- **Work instructions**: Two lines below mark the span: the one containing "Proof. by apply/eqP" and the one containing "Proof. exact: sum_ord2. Qed.". Set down both, plus every line between, exactly as they stand, and nothing else.
(Beginning of Recorded information)
(* Let $q$ be a prime power and let $M=(m_{ij})$ be a $2\times 2$ matrix over $\mathbb{F}_{q^2}$ with $m_{21}\neq 0$ and $m_{12}\neq 0$. Then: (i) $\sharp(\mathrm{Num}'_0(M))\ge\lceil (q+1)/2\rceil$; (ii) if $(-m_{12}/m_{21})^{q+1}\neq 1$, then $\sharp(\mathrm{Num}'_0(M))\ge q+1$.
   Context: The Hermitian form on $\mathbb{F}_{q^2}^n$ is $\langle u,v\rangle=\sum_i u_i^q v_i$. For an $n\times n$ matrix $M$ over $\mathbb{F}_{q^2}$ with $n\ge 2$, $\mathrm{Num}'_0(M)=\{\langle u,Mu\rangle: u\in\mathbb{F}_{q^2}^n\setminus\{0\},\ \langle u,u\rangle=0\}$. *)

From HB Require Import structures.
From mathcomp Require Import all_boot all_order all_algebra all_field.
Set Implicit Arguments. Unset Strict Implicit. Unset Printing Implicit Defensive.
Import GRing.Theory.
Local Open Scope ring_scope.

(* Hermitian form on F^n (F = F_{q^2}): <u,v> = sum_i u_i^q v_i,
   vectors are column vectors 'cV[F]_n. *)
Definition herm (F : finFieldType) (q n : nat) (u v : 'cV[F]_n) : F :=
  \sum_(i < n) (u i 0) ^+ q * v i 0.

Definition Num0' (F : finFieldType) (q n : nat) (M : 'M[F]_n) : {set F} :=
  [set x | [exists u : 'cV[F]_n,
     [&& u != 0, herm q u u == 0 & x == herm q u (M *m u)]]].

Definition prime_power (q : nat) : Prop :=
  exists p k : nat, prime p /\ (0 < k)%N /\ q = (p ^ k)%N.

(* The vectors (1, t) with t ^ (q + 1) = -1 are isotropic, and there are q + 1 such
   slopes t because X ^ (q + 1) + 1 divides X ^ (q ^ 2) - X.  For two such slopes the
   values f t = <(1, t), M (1, t)> satisfy
     t s (f t - f s) = (t - s) (m12 t s + m21),
   so a value of f is taken by at most two slopes, the second one being forced to be
   -m21 / (m12 t); this gives (i).  Two distinct slopes with m12 t s = -m21 would give
   (-m12 / m21) ^ (q + 1) = (t s) ^ -(q + 1) = 1, so under the hypothesis of (ii) f is
   injective on the q + 1 slopes. *)

From mathcomp Require Import all_boot all_order all_algebra all_field.
From mathcomp Require Import zify ring.

Set Implicit Arguments.
Unset Strict Implicit.
Unset Printing Implicit Defensive.

Import GRing.Theory.
Local Open Scope ring_scope.

Section RootsOfBinomial.

Variables (F : finFieldType) (d k : nat) (c : F).
Hypotheses (dk_card : (d * k)%N = #|F|.-1) (ck1 : c ^+ k = 1).

Lemma dvdp_XnsubC_genPoly : 'X^d - c%:P %| 'X^#|F| - 'X.
Proof.
have -> : 'X^#|F| - 'X = 'X * ('X^(d * k) - 1) :> {poly F}.
  by rewrite dk_card mulrBr mulr1 -exprS prednK // ltnW // card_finNzRing_gt1.
have -> : 1 = c%:P ^+ k :> {poly F} by rewrite -rmorphXn ck1.
by rewrite exprM subrXX mulrC -mulrA dvdp_mulIl.
Qed.

Lemma card_roots_XnsubC : #|[set x : F | x ^+ d == c]| = d.
Proof.
have d_gt0 : (0 < d)%N.
  case: d dk_card => // /esym; rewrite mul0n.
  by have := card_finNzRing_gt1 F; case: #|F| => [|[]].
have := dvdp_XnsubC_genPoly; rewrite finField_genPoly => /dvdp_prod_XsubC[m eq_prod].
set r := mask m _ in eq_prod.
have r_roots : [set x : F | x ^+ d == c] =i r.
  move=> x; rewrite inE -root_prod_XsubC -(eqp_root eq_prod).
  by rewrite /root !hornerE subr_eq0.
have size_r : size r = d.
  by have := eqp_size eq_prod; rewrite size_XnsubC // size_prod_XsubC => -[].
rewrite (eq_card r_roots) -size_r; apply/card_uniqP.
exact/mask_uniq/index_enum_uniq.
Qed.

End RootsOfBinomial.

Lemma card_fibers_imset (T U : finType) (f : T -> U) (A : {set T}) (k : nat) :
  (forall x, x \in A -> #|[set y in A | f y == f x]| <= k)%N ->
  (#|A| <= k * #|f @: A|)%N.
Proof.
move=> fib; rewrite -sum1_card (partition_big_imset f) /= mulnC -sum_nat_const.
apply: leq_sum => _ /imsetP[x Ax ->].
by rewrite sum1dep_card; apply: leq_trans (fib x Ax); rewrite subset_leq_card.
Qed.

Lemma sum_ord2 (V : nmodType) (f : 'I_2 -> V) : \sum_(i < 2) f i = f ord0 + f ord_max.
Proof.
have -> : ord_max = lift ord0 ord0 :> 'I_2 by apply: val_inj.
by rewrite big_ord_recl big_ord1.
Qed.

Lemma signr_pred_sqrt_card (F : finFieldType) (q : nat) :
  #|F| = (q ^ 2)%N -> (-1 : F) ^+ q.-1 = 1.
Proof.
move=> cardF; have [q_odd | q_even] := boolP (odd q).
  by rewrite -signr_odd; case: q q_odd {cardF} => //= n /negbTE ->.
by rewrite -[-1](expf_card (-1 : F)) cardF -signr_odd oddX (negbTE q_even) expr0 expr1n.
Qed.

Section IsotropicSlopes.

Variables (F : finFieldType) (q : nat).

Definition isotropic_slopes : {set F} := [set t | t ^+ q.+1 == -1].

Lemma card_isotropic_slopes : #|F| = (q ^ 2)%N -> #|isotropic_slopes| = q.+1.
Proof.
move=> cardF; apply: (@card_roots_XnsubC _ _ q.-1); last exact: signr_pred_sqrt_card.
by rewrite cardF; case: q => //= n; lia.
Qed.

Definition slope_vec (t : F) : 'cV[F]_2 := \col_i (if i == ord0 then 1 else t).

Lemma slope_vec_neq0 t : slope_vec t != 0.
Proof. by apply/eqP => /matrixP /(_ ord0 0); rewrite !mxE; apply/eqP/oner_neq0. Qed.

Lemma herm2 (u v : 'cV[F]_2) :
  herm q u v = u ord0 0 ^+ q * v ord0 0 + u ord_max 0 ^+ q * v ord_max 0.
Proof. exact: sum_ord2. Qed.

Lemma herm_slope_vec t : herm q (slope_vec t) (slope_vec t) = 1 + t ^+ q.+1.
Proof. by rewrite herm2 !mxE /= expr1n mulr1 exprSr. Qed.

Variable M : 'M[F]_2.

Lemma herm_slope_vec_mul t :
  herm q (slope_vec t) (M *m slope_vec t) =
  M ord0 ord0 + M ord0 ord_max * t + t ^+ q * (M ord_max ord0 + M ord_max ord_max * t).
Proof. by rewrite herm2 !mxE !sum_ord2 !mxE /= expr1n mul1r !mulr1. Qed.

Definition slope_num t := herm q (slope_vec t) (M *m slope_vec t).

Lemma slope_num_in_Num0' t : t \in isotropic_slopes -> slope_num t \in Num0' q M.
Proof.
rewrite inE => /eqP Nt; rewrite inE; apply/existsP; exists (slope_vec t).
by rewrite slope_vec_neq0 herm_slope_vec Nt subrr !eqxx.
Qed.

Lemma isotropic_slope_neq0 t : t \in isotropic_slopes -> t != 0.
Proof.
by rewrite inE; apply: contraTneq => ->; rewrite expr0n eq_sym oppr_eq0 oner_eq0.
Qed.

Lemma slope_num_diff t s : t ^+ q.+1 = s ^+ q.+1 ->
  t * s * (slope_num t - slope_num s) =
  (t - s) * (M ord0 ord_max * t * s - t ^+ q.+1 * M ord_max ord0).
Proof.
rewrite /slope_num !herm_slope_vec_mul !exprS => Nts.
set a := t ^+ q in Nts *; set b := s ^+ q in Nts *.
apply/eqP; rewrite -subr_eq0; apply/eqP.
transitivity ((t * M ord_max ord0 + t * s * M ord_max ord_max) * (t * a - s * b)).
  by ring.
by rewrite Nts subrr mulr0.
Qed.

Lemma slope_num_eq t s :
  t \in isotropic_slopes -> s \in isotropic_slopes -> slope_num t = slope_num s ->
  t = s \/ M ord0 ord_max * t * s + M ord_max ord0 = 0.
Proof.
rewrite !inE => /eqP Nt /eqP Ns eq_ts.
have := slope_num_diff (etrans Nt (esym Ns)).
rewrite eq_ts subrr mulr0 Nt mulN1r opprK => /esym/eqP.
by rewrite mulf_eq0 subr_eq0 => /orP[/eqP|/eqP]; [left|right].
Qed.

Lemma card_slope_num_fiber : M ord0 ord_max != 0 ->
  {in isotropic_slopes, forall t,
    #|[set s in isotropic_slopes | slope_num s == slope_num t]| <= 2}%N.
Proof.
move=> M01_neq0 t Tt; have Mt_neq0 := mulf_neq0 M01_neq0 (isotropic_slope_neq0 Tt).
apply: (@leq_trans #|[set t; - M ord_max ord0 / (M ord0 ord_max * t)]|).
  apply/subset_leq_card/subsetP => s; rewrite inE => /andP[Ts /eqP eq_st].
  have [->|Mst] := slope_num_eq Ts Tt eq_st; first exact: set21.
  apply/set2P; right; apply: (mulIf Mt_neq0).
  by rewrite divfK // mulrCA mulrA; apply/eqP; rewrite -addr_eq0 Mst.
by rewrite cards2; case: (_ != _).
Qed.

Lemma slope_num_injective : M ord_max ord0 != 0 ->
  (- M ord0 ord_max / M ord_max ord0) ^+ q.+1 != 1 ->
  {in isotropic_slopes &, injective slope_num}.
Proof.
move=> M10_neq0 Nx t s Tt Ts eq_ts; have [//|Mts] := slope_num_eq Tt Ts eq_ts.
case/eqP: Nx; move: Tt Ts; rewrite !inE => /eqP Nt /eqP Ns.
have x_ts : - M ord0 ord_max / M ord_max ord0 * (t * s) = 1.
  rewrite mulrAC; have -> : - M ord0 ord_max * (t * s) = M ord_max ord0.
    by apply/eqP; rewrite mulNr mulrA eqr_oppLR -addr_eq0 Mts.
  exact: mulfV.
have := congr1 (fun z => z ^+ q.+1) x_ts.
by rewrite /= !exprMn Nt Ns mulrNN !mulr1 expr1n.
Qed.

End IsotropicSlopes.

Theorem proposition4 (F : finFieldType) (q : nat)
  (hq : prime_power q) (hF : #|F| = (q ^ 2)%N)
  (M : 'M[F]_2)
  (h21 : M ord_max ord0 != 0) (h12 : M ord0 ord_max != 0) :
  ((q + 2) %/ 2 <= #|Num0' q M|)%N /\
  ((- M ord0 ord_max / M ord_max ord0) ^+ q.+1 != 1 ->
     (q.+1 <= #|Num0' q M|)%N).
Proof.
have card_T := card_isotropic_slopes hF.
have le_image : (#|slope_num q M @: isotropic_slopes F q| <= #|Num0' q M|)%N.
  by apply/subset_leq_card/subsetP => _ /imsetP[t Tt ->]; apply: slope_num_in_Num0'.
split=> [|Nx].
  have := card_fibers_imset (card_slope_num_fiber (q := q) h12); lia.
by rewrite (card_in_imset (slope_num_injective h21 Nx)) card_T in le_image.
Qed.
(End of Recorded information)
- **Response**:
Proof. by apply/eqP => /matrixP /(_ ord0 0); rewrite !mxE; apply/eqP/oner_neq0. Qed.

Lemma herm2 (u v : 'cV[F]_2) :
  herm q u v = u ord0 0 ^+ q * v ord0 0 + u ord_max 0 ^+ q * v ord_max 0.
Proof. exact: sum_ord2. Qed.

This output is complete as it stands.